For its intended audience, the movie serves as a conscience-cleanser of sorts, a way of coming to terms with East Germany's past at a time when ordinary citizens were arrested, interrogated and harassed by the Stasi, or secret police. But we needn't evaluate The Lives of Others in German terms. In crossing the Atlantic, the movie gains in layers and relevance, anchored always by the intelligence — and grim humor — of Henckel von Donnersmarck's script. He makes a risky decision, choosing for his protagonist someone who might easily serve as the villain of another film, an obedient middle-aged Stasi captain named Gerd Weisler (Ulrich Muhe).
Some might be offended by a sympathetic portrayal of Weisler, while others may have trouble accepting the character's ultimate humanity. Audiences are certainly entitled to these reactions, and yet it's a fitting entry point into this story because it makes the viewers — already voyeurs by definition — complicit in Weisler' surveillance. We want to see. But as we permit ourselves to pry, we also come to understand how other Iron Curtain citizens might have become informants against their own neighbors.
Like Francis Ford Coppola's The Conversation, The Lives of Others is the psychological study of a man who, for all intents and purposes, has no life of his own but makes up for it by eavesdropping on the lives of others. Weisler's primary target is a popular playwright, Georg Dreyman (Sebastian Koch), whom he immediately suspects, and he volunteers to monitor the young writer's apartment.

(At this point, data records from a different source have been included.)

Lemma index_of_app_notin l1 x l2 : ~ In x l1 -> index_of (l1 ++ x :: l2) x = length l1.
Proof.
  induction l1 as [| a l1 IH]; intros Hx; simpl.
  - now rewrite Nat.eqb_refl.
  - destruct (Nat.eqb_spec a x) as [-> | _]; [now destruct Hx; left |].
    rewrite IH; auto. intros H; apply Hx; now right.
Qed.

Lemma index_of_app_in l1 l2 z : In z l1 -> index_of (l1 ++ l2) z < length l1.
Proof.
  induction l1 as [| a l1 IH]; intros Hz; simpl in *; [contradiction |].
  destruct (Nat.eqb_spec a z); [lia |].
  destruct Hz as [-> | Hz]; [congruence |]. specialize (IH Hz). lia.
Qed.

Lemma ordered_by_index L C : NoDup L -> Forall (ordered_by L []) C ->
  forall phi x, In (phi, AVar x) C ->
  forall z, In (AVar z) (atoms phi) -> index_of L z < index_of L x.
Proof.
  intros Hnd HC phi x Hin z Hz.
  destruct (proj1 (Forall_forall _ _) HC _ Hin x eq_refl) as (l1 & l2 & -> & Hvars).
  rewrite index_of_app_notin.
  - apply index_of_app_in, Hvars, Hz.
  - intros Hx. apply NoDup_remove_2 in Hnd. apply Hnd, in_app_iff; auto.
Qed.

Lemma filter_length_lt {A} (f g : A -> bool) (L : list A) a :
  (forall x, f x = true -> g x = true) -> In a L -> f a = false -> g a = true ->
  length (filter f L) < length (filter g L).
Proof.
  intros Hfg. induction L as [| b L IH]; intros Ha Hfa Hga; [destruct Ha |].
  assert (Hle : length (filter f L) <= length (filter g L)).
  { clear IH Ha. induction L as [| c L IHL]; simpl; auto.
    destruct (f c) eqn:Hc; [rewrite (Hfg c Hc); simpl |destruct (g c)]; simpl; lia. }
  simpl. destruct Ha as [-> | Ha].
  - rewrite Hfa, Hga. simpl. lia.
  - specialize (IH Ha Hfa Hga).
    destruct (f b) eqn:Hb; [rewrite (Hfg b Hb) | destruct (g b)]; simpl; lia.
Qed.

Definition lit_eq_dec (a b : bool * name) : {a = b} + {a <> b}.
Proof. decide equality; [apply Nat.eq_dec | apply Bool.bool_dec]. Defined.

Definition unvisited (D : lits) (a : bool * name) : bool :=
  if in_dec lit_eq_dec a D then false else true.

Lemma unvisited_shrink (L : list (bool * name)) D a : In a L -> ~ In a D ->
  length (filter (unvisited (a :: D)) L) < length (filter (unvisited D) L).
Proof.
  intros Ha HaD. apply (filter_length_lt _ _ _ a); auto; unfold unvisited.
  - intros x. destruct (in_dec lit_eq_dec x (a :: D)), (in_dec lit_eq_dec x D); auto.
    exfalso; auto with datatypes.
  - destruct (in_dec lit_eq_dec a (a :: D)); auto. exfalso; auto with datatypes.
  - destruct (in_dec lit_eq_dec a D); tauto.
Qed.

Lemma in_ante C p a : In a (atoms (ante C p)) ->
  exists phi, In (phi, p) C /\ In a (atoms phi).
Proof.
  unfold ante. set (fs := map fst _). intros H.
  assert (Hdisj : exists f, In f fs /\ In a (atoms f)).
  { clearbody fs. induction fs as [| f [| g fs] IH]; simpl in *; [contradiction | eauto |].
    apply in_app_iff in H as [H | H]; [eauto |].
    destruct (IH H) as (f' & Hf' & Ha). eauto. }
  destruct Hdisj as (f & Hf & Ha). apply in_map_iff in Hf as ([phi q] & <- & Hin).
  apply filter_In in Hin as [Hin Hq]. simpl in *.
  destruct (atom_eq_dec q p) as [-> | _]; [eauto | discriminate].
Qed.

Section TreeExistence.

Variable C : list constr.
Variable rank : var -> nat.
Hypothesis rank_ante : forall phi x, In (phi, AVar x) C ->
  forall z, In (AVar z) (atoms phi) -> rank z < rank x.
Hypothesis ante_label_free : Forall (fun ca => label_free (fst ca)) C.

Let AC : list atom := flat_map (fun ca => atoms (fst ca)) C.

(* the channel literals that may ever be put into D *)
Let chan_lits : list (bool * name) :=
  flat_map (fun a => match a with AChan c => [(true, c); (false, c)] | _ => [] end) AC.

Definition tree_exists (D : lits) (f : Form) : Prop := exists psi, Tree C D f psi.

Definition literal_trees (D : lits) (a : atom) : Prop :=
  tree_exists D (FAtom a) /\ tree_exists D (FNot (FAtom a)).

Lemma ante_in_AC p : incl (atoms (ante C p)) AC.
Proof.
  intros a Ha. destruct (in_ante _ _ _ Ha) as (phi & Hin & Ha').
  apply in_flat_map. now exists (phi, p).
Qed.

Lemma label_notin_AC l : ~ In (ALab l) AC.
Proof.
  intros H. apply in_flat_map in H as (ca & Hin & Hl).
  exact (proj1 (Forall_forall _ _) ante_label_free ca Hin l Hl).
Qed.

Lemma tree_exists_of_literals D f : (forall a, In a (atoms f) -> literal_trees D a) ->
  tree_exists D f /\ tree_exists D (FNot f).
Proof.
  induction f as [| | a | g IH | g IHg h IHh | g IHg h IHh]; intros Hlit; simpl in *.
  - split; eexists; constructor.
  - split; eexists; constructor.
  - apply Hlit; now left.
  - destruct (IH Hlit) as [[psi Hg] [npsi Hng]].
    split; eexists; [exact Hng | apply Tr_nnot, Hg].
  - destruct IHg as [[p1 H1] [n1 N1]]; [intros; apply Hlit, in_app_iff; auto |].
    destruct IHh as [[p2 H2] [n2 N2]]; [intros; apply Hlit, in_app_iff; auto |].
    split; eexists; [apply Tr_and | apply Tr_nand]; eauto.
  - destruct IHg as [[p1 H1] [n1 N1]]; [intros; apply Hlit, in_app_iff; auto |].
    destruct IHh as [[p2 H2] [n2 N2]]; [intros; apply Hlit, in_app_iff; auto |].
    split; eexists; [apply Tr_or | apply Tr_nor]; eauto.
Qed.

Lemma var_literal_trees D : (forall c, In (AChan c) AC -> literal_trees D (AChan c)) ->
  forall x, literal_trees D (AVar x).
Proof.
  intros Hchan x.
  induction x as [x IH] using (well_founded_ind (well_founded_ltof _ rank)).
  destruct (tree_exists_of_literals D (ante C (AVar x))) as [[psi Hpsi] [npsi Hnpsi]].
  - intros [c | z | l] Ha.
    + apply Hchan, (ante_in_AC (AVar x)), Ha.
    + apply IH. destruct (in_ante _ _ _ Ha) as (phi & Hin & Hz). exact (rank_ante _ _ Hin _ Hz).
    + destruct (label_notin_AC l). apply (ante_in_AC (AVar x)), Ha.
  - split; eexists; [apply Tr_var, Hpsi | apply Tr_nvar, Hnpsi].
Qed.

Lemma tree_exists_in_AC D f : incl (atoms f) AC -> tree_exists D f.
Proof.
  remember (length (filter (unvisited D) chan_lits)) as n eqn:Hn.
  revert D f Hn. induction n as [n IH] using (well_founded_ind lt_wf).
  intros D f -> Hf.
  assert (Hchan : forall c, In (AChan c) AC -> literal_trees D (AChan c)).
  { intros c Hc.
    assert (Hlit : forall b, In (b, c) chan_lits).
    { intros b. apply in_flat_map. exists (AChan c). destruct b; simpl; auto. }
    split.
    - destruct (in_dec lit_eq_dec (true, c) D) as [Hd | Hd].
      + eexists; apply Tr_chan_old, Hd.
      + destruct (IH _ (unvisited_shrink _ _ _ (Hlit true) Hd) ((true, c) :: D)
                    (ante C (AChan c)) eq_refl (ante_in_AC _)) as [psi Hpsi].
        eexists; apply Tr_chan_new; eauto.
    - destruct (in_dec lit_eq_dec (false, c) D) as [Hd | Hd].
      + eexists; apply Tr_nchan_old, Hd.
      + destruct (IH _ (unvisited_shrink _ _ _ (Hlit false) Hd) ((false, c) :: D)
                    (FNot (ante C (AChan c))) eq_refl (ante_in_AC _)) as [psi Hpsi].
        eexists; apply Tr_nchan_new; eauto. }
  apply tree_exists_of_literals. intros [c | x | l] Ha.
  - apply Hchan, Hf, Ha.
  - apply var_literal_trees, Hchan.
  - destruct (label_notin_AC l). apply Hf, Ha.
Qed.

End TreeExistence.

Theorem lemmaB3 (P : proc) :
  closed P ->
  NoDup (bound_vars P) ->
  NoDup (bound_names P) ->
  NoDup (labels P) ->
  forall l, In l (labels P) ->
    (exists psi, tree_formula P l psi) /\
    (forall psi, tree_formula P l psi ->
       (forall x, In x (input_vars P) -> ~ In (AVar x) (atoms psi)) /\
       (forall a, In a (atoms psi) -> exists c, a = AChan c)).
Proof.
  intros Hclosed Hbv _ _ l _. split.
  - assert (Hord : Forall (ordered_by (bound_vars P) []) (Tr P FTT)).
    { apply Tr_ordered_by; [intros z [] | exact Hclosed]. }
    assert (Hlab : Forall (fun ca => label_free (fst ca)) (Tr P FTT)).
    { apply Tr_label_free. intros l' []. }
    apply (tree_exists_in_AC _ _ (ordered_by_index _ _ Hbv Hord) Hlab), ante_in_AC.
  - intros psi Hpsi. pose proof (Tree_chan_atoms _ _ _ _ Hpsi) as Hchan.
    split; [| exact Hchan].
    intros x _ Hx. destruct (Hchan _ Hx) as [c Hc]. discriminate.
Qed.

If you look hard enough, everyone has secrets. But as the unemotional agent listens, he begins to realize that his superiors, namely Minister Bruno Kempf (Thomas Thieme), want Dreyman removed for purely personal reasons. It's easy to create a villain like Kempf, particularly in period pieces where hindsight makes the "bad guys" more clean-cut. But a character like Weisler is tougher, especially as he allows himself to intervene in Dreyman's affairs, forcing us to consider the gray areas.
The result is tragic, but manageably so, and the entire last act feels unnecessary. The film's most poignant moment occurs much earlier, when Weisler lets a solitary tear escape while listening to Dreyman play the piano. As the devastated artist says aloud, oblivious that others are listening, "Can anyone who has heard this music — I mean, truly heard it — really be a bad person?" In Henckel von Donnersmarck's world, such people can be heroes.